_Aim of the task_
Everything from the line containing "From Stdlib Require" through the end of the entries should be output exactly; nothing before it is wanted.

_Task input_
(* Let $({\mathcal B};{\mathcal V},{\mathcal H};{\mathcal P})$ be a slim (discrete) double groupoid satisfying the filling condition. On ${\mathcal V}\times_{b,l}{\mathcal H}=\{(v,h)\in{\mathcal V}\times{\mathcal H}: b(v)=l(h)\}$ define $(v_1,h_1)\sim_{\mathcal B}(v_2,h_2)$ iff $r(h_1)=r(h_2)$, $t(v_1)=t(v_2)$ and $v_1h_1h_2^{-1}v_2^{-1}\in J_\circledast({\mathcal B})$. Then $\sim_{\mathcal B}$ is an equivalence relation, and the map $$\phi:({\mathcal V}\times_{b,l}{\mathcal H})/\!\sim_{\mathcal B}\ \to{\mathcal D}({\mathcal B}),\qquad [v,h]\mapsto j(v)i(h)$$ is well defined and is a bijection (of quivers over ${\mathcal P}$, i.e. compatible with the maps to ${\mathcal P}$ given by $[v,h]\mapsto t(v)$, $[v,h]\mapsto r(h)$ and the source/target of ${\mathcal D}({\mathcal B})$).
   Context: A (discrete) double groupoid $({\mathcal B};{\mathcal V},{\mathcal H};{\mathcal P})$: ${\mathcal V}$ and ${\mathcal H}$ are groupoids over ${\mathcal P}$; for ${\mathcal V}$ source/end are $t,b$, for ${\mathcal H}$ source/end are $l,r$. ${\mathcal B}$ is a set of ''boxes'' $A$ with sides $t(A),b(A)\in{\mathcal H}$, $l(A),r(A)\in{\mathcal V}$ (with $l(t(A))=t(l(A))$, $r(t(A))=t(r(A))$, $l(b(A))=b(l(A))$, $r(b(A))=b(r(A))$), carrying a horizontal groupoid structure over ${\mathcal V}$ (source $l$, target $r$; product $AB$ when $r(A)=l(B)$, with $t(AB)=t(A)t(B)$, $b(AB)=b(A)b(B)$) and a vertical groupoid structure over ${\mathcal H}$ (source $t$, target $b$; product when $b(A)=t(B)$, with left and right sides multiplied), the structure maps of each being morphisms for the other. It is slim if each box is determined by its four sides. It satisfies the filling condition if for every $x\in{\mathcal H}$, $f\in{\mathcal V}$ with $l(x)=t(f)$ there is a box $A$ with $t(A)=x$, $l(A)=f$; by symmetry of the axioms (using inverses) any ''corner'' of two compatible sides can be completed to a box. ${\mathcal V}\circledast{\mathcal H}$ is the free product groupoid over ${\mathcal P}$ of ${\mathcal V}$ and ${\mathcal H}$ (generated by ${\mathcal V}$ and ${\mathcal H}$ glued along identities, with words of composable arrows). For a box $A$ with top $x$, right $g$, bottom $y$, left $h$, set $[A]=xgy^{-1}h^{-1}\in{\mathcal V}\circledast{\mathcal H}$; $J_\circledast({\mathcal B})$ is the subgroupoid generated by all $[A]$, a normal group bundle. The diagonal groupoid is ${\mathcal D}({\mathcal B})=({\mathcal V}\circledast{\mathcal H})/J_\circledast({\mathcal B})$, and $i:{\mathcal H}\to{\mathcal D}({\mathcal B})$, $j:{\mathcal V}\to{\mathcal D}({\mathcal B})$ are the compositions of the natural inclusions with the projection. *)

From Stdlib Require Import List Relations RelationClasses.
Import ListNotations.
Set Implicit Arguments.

_Solution to this problem_
From Stdlib Require Import List Relations RelationClasses.
Import ListNotations.
Set Implicit Arguments.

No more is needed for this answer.